[Collected data entries]
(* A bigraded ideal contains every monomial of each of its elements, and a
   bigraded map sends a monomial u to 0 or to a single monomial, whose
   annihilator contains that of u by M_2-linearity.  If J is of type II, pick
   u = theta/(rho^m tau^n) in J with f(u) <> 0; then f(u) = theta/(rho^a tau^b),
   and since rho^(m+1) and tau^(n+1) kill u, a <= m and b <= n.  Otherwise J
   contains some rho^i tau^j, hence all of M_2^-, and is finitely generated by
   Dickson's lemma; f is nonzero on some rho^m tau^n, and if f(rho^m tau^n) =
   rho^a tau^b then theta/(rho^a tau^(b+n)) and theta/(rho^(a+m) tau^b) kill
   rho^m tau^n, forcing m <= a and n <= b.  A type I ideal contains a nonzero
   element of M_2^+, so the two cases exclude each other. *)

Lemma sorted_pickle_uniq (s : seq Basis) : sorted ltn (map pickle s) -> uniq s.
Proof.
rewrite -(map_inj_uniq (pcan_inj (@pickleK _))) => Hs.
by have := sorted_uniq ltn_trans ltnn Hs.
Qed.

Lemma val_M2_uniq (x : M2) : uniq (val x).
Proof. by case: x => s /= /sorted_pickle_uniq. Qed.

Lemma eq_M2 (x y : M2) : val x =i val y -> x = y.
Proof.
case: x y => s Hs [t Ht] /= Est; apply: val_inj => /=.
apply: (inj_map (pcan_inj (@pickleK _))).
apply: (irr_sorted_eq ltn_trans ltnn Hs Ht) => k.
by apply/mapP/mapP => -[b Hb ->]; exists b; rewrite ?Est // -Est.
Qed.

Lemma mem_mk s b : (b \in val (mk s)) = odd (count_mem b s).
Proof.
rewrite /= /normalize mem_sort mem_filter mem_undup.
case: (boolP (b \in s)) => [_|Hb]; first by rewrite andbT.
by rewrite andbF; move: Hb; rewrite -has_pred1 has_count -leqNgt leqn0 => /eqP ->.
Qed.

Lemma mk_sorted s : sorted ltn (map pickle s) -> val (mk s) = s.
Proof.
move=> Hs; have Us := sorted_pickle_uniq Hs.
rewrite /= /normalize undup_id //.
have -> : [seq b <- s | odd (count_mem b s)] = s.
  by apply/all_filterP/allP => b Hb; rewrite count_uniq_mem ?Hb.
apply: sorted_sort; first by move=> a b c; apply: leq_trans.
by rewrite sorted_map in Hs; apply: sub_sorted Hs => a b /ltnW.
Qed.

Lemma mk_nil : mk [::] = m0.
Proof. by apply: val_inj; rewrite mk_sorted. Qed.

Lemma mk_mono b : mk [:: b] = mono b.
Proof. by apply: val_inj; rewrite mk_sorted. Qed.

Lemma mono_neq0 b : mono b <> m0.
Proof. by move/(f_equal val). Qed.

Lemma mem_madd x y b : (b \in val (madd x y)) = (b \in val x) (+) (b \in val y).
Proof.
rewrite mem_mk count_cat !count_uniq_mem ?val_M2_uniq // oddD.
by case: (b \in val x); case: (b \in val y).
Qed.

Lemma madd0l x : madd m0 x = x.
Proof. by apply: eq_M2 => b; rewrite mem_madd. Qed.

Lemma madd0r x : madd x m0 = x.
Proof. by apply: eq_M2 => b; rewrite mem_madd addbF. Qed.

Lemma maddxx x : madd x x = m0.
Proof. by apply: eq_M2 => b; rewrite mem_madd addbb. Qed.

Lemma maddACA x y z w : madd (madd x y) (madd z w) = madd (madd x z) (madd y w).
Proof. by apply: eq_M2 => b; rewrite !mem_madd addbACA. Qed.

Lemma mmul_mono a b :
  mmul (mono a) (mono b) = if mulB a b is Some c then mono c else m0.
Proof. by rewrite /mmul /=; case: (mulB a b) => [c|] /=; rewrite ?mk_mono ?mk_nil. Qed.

==

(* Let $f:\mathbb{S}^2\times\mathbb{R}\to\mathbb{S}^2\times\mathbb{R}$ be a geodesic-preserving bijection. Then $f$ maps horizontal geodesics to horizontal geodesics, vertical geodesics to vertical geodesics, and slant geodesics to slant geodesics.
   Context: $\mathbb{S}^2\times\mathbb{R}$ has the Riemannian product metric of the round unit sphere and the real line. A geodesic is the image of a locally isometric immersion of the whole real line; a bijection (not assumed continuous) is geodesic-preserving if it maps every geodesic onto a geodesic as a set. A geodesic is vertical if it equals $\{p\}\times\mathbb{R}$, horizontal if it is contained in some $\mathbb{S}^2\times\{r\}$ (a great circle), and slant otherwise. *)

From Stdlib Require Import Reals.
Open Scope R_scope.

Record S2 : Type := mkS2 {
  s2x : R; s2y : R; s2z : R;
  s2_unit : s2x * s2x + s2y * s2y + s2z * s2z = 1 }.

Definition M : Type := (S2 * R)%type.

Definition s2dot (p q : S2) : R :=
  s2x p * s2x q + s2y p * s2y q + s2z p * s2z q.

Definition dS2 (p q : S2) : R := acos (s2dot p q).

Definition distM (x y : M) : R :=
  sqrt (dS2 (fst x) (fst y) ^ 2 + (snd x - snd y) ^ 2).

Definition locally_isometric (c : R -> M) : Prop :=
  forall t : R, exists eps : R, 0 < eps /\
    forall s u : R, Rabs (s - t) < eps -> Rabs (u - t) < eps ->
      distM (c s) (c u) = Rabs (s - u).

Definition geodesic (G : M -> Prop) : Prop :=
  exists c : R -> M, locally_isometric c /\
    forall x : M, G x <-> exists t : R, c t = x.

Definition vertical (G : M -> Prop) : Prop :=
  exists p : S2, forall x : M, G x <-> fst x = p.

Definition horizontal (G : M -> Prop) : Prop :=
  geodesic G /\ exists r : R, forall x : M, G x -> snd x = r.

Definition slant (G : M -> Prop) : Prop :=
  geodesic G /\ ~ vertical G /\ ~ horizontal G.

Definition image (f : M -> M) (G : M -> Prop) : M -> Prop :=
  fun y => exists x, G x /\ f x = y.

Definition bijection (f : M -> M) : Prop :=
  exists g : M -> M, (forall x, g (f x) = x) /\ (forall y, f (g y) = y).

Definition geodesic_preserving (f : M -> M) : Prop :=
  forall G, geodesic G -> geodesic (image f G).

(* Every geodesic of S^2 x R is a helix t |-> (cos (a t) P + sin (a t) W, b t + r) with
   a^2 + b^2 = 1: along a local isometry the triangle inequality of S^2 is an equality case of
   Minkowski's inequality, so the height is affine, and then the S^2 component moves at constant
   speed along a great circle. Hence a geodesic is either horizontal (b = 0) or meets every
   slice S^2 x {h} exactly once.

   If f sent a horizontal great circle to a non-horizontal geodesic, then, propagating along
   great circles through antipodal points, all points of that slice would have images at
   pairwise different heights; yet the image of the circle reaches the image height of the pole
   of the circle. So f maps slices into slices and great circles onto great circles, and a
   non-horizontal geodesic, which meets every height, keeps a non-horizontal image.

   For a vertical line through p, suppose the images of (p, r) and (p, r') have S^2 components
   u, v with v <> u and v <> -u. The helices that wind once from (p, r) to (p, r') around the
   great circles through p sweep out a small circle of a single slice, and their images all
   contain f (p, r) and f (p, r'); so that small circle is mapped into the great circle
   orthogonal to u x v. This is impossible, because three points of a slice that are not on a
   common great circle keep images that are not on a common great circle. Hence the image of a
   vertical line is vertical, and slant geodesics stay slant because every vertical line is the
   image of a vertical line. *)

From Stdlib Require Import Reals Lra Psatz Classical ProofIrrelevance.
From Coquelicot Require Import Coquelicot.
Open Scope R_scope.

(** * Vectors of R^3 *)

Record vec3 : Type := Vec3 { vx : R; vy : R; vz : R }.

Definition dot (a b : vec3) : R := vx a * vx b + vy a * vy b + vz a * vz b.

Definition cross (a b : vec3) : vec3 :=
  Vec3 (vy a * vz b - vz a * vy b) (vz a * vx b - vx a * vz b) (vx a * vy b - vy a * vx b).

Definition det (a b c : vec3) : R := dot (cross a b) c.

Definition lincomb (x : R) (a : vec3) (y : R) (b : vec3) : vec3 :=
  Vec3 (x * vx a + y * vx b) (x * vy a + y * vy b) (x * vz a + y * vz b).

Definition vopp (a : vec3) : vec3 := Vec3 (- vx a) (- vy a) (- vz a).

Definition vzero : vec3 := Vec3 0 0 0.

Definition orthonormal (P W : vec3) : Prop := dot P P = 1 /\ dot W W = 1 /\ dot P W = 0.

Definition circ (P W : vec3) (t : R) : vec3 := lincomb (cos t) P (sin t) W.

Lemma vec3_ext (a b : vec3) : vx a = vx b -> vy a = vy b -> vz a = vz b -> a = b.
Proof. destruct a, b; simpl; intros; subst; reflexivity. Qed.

* * *

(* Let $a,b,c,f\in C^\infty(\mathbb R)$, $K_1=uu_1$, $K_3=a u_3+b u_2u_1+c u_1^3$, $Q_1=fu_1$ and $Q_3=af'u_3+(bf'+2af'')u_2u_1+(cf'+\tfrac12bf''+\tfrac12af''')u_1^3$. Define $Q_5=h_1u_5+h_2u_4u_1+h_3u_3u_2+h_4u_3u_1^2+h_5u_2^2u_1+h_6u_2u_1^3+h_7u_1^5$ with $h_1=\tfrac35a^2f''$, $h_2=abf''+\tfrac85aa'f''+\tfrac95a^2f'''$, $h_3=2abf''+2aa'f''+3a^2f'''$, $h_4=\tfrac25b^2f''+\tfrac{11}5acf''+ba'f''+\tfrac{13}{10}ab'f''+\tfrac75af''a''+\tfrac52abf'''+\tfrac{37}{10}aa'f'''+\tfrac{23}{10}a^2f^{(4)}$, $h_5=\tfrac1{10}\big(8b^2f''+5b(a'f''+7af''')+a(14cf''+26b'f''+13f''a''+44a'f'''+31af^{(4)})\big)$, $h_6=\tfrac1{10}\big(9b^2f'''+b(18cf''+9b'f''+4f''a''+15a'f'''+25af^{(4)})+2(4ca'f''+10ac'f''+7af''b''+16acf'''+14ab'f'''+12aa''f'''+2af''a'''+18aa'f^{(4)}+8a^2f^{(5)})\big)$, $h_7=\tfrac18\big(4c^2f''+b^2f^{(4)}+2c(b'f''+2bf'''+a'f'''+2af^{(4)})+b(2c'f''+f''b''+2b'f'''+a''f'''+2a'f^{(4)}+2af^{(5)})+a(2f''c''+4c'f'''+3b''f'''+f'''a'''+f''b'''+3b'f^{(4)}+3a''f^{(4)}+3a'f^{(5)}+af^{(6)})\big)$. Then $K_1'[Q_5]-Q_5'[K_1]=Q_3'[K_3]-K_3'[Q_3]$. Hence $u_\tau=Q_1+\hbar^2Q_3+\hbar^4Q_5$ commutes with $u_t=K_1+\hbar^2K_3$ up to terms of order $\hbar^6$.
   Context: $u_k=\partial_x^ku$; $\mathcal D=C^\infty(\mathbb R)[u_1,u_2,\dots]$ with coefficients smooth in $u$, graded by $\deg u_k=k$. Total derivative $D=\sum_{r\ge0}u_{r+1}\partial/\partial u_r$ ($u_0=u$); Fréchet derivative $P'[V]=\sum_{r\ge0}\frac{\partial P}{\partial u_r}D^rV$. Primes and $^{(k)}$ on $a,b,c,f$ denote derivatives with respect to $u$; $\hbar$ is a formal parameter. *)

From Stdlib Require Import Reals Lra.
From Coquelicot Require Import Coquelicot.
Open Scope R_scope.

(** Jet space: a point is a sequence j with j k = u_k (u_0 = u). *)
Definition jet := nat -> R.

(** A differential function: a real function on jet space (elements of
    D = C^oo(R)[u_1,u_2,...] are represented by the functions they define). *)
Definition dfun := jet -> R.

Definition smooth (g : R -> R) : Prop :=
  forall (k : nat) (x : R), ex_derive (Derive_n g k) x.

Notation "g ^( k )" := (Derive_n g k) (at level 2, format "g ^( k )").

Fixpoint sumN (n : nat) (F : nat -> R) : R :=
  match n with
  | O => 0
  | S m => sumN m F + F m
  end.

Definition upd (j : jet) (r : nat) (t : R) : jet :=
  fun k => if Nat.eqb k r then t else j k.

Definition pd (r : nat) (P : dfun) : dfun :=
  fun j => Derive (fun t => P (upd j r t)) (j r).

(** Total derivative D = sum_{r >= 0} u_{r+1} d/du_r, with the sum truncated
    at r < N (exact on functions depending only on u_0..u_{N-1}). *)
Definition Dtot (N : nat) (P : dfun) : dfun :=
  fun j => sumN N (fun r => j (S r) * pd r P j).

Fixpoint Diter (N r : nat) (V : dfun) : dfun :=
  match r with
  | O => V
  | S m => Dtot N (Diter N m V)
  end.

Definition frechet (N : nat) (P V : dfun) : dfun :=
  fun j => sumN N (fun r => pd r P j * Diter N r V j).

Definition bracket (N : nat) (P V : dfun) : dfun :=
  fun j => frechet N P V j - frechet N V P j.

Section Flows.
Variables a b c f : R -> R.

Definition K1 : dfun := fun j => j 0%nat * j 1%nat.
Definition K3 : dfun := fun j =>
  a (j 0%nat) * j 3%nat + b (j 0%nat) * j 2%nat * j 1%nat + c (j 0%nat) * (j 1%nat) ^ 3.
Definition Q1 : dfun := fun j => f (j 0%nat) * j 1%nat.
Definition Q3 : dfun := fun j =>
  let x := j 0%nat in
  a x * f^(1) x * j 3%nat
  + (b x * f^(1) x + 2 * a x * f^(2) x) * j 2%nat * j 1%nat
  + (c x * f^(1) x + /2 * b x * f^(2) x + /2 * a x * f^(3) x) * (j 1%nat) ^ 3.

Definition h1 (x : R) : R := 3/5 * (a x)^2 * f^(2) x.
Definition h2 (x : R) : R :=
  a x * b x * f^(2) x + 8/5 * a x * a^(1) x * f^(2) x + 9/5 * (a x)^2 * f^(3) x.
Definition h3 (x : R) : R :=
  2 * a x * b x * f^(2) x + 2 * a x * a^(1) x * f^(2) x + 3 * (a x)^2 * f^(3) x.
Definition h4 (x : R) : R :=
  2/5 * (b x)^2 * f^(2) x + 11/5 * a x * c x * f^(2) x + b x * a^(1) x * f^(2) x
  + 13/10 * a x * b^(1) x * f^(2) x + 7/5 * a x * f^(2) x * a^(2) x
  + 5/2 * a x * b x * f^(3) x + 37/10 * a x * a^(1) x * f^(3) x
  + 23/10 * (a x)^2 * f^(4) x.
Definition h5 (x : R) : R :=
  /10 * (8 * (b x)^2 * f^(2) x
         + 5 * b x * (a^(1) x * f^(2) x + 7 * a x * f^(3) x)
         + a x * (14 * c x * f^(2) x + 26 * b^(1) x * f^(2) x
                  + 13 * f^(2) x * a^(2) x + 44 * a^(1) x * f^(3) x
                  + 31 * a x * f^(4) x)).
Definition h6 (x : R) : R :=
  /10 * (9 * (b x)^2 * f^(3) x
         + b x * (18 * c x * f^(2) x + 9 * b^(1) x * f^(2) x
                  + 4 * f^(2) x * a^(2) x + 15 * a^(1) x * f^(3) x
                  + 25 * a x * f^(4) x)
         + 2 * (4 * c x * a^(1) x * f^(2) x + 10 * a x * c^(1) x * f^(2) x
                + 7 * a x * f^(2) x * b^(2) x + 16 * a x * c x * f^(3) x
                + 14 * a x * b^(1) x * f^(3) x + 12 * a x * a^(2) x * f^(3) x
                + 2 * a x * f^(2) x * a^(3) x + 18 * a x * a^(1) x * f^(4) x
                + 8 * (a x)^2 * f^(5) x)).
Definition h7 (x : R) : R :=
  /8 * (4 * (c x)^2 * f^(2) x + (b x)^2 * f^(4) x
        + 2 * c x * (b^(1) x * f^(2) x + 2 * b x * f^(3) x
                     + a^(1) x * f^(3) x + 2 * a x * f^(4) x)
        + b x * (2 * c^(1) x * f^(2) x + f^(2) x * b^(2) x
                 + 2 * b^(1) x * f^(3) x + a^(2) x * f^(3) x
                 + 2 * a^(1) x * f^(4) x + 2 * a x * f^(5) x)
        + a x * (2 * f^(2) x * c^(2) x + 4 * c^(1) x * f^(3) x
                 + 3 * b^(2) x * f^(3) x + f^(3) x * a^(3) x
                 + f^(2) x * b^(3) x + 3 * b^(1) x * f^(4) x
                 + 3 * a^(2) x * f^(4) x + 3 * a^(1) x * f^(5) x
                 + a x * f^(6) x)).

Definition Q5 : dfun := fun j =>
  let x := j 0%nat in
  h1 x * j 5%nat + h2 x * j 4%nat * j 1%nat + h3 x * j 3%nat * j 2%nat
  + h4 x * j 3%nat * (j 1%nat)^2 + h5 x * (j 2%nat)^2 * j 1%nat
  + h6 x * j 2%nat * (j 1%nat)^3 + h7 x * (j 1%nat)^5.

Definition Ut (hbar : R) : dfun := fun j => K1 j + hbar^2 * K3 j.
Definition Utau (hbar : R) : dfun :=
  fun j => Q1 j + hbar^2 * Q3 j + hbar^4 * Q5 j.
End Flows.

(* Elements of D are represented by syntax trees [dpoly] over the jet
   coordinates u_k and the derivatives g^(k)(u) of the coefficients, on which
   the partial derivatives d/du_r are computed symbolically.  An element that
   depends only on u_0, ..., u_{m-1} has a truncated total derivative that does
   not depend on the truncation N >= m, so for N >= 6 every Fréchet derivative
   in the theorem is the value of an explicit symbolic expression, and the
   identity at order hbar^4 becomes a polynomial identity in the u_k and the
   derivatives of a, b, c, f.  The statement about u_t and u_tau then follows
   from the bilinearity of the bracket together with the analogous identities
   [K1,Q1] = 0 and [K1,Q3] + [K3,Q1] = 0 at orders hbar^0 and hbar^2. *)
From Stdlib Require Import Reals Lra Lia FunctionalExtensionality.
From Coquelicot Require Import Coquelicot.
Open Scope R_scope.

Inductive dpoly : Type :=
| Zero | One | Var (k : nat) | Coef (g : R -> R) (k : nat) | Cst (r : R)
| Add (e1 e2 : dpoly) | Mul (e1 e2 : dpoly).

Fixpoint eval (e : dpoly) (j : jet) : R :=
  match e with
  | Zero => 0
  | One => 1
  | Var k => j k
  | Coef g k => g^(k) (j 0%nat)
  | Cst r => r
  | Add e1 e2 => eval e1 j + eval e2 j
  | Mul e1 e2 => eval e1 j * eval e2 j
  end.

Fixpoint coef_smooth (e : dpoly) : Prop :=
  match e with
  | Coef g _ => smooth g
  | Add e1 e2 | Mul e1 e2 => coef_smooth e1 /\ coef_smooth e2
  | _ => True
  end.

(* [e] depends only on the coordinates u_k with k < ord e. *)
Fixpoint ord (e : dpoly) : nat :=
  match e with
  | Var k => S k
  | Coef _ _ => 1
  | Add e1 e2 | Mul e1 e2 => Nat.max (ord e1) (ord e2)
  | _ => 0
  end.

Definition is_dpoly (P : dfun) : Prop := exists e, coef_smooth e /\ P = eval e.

**WORK INSTRUCTIONS**
Only one stretch of the records above is wanted: the lines between the one holding "Definition horizontal (G" and the one holding "non-horizontal geodesic, which", inclusive, reproduced exactly.

**TASK ANSWER**
Definition horizontal (G : M -> Prop) : Prop :=
  geodesic G /\ exists r : R, forall x : M, G x -> snd x = r.

Definition slant (G : M -> Prop) : Prop :=
  geodesic G /\ ~ vertical G /\ ~ horizontal G.

Definition image (f : M -> M) (G : M -> Prop) : M -> Prop :=
  fun y => exists x, G x /\ f x = y.

Definition bijection (f : M -> M) : Prop :=
  exists g : M -> M, (forall x, g (f x) = x) /\ (forall y, f (g y) = y).

Definition geodesic_preserving (f : M -> M) : Prop :=
  forall G, geodesic G -> geodesic (image f G).

(* Every geodesic of S^2 x R is a helix t |-> (cos (a t) P + sin (a t) W, b t + r) with
   a^2 + b^2 = 1: along a local isometry the triangle inequality of S^2 is an equality case of
   Minkowski's inequality, so the height is affine, and then the S^2 component moves at constant
   speed along a great circle. Hence a geodesic is either horizontal (b = 0) or meets every
   slice S^2 x {h} exactly once.

   If f sent a horizontal great circle to a non-horizontal geodesic, then, propagating along
   great circles through antipodal points, all points of that slice would have images at
   pairwise different heights; yet the image of the circle reaches the image height of the pole
   of the circle. So f maps slices into slices and great circles onto great circles, and a
   non-horizontal geodesic, which meets every height, keeps a non-horizontal image.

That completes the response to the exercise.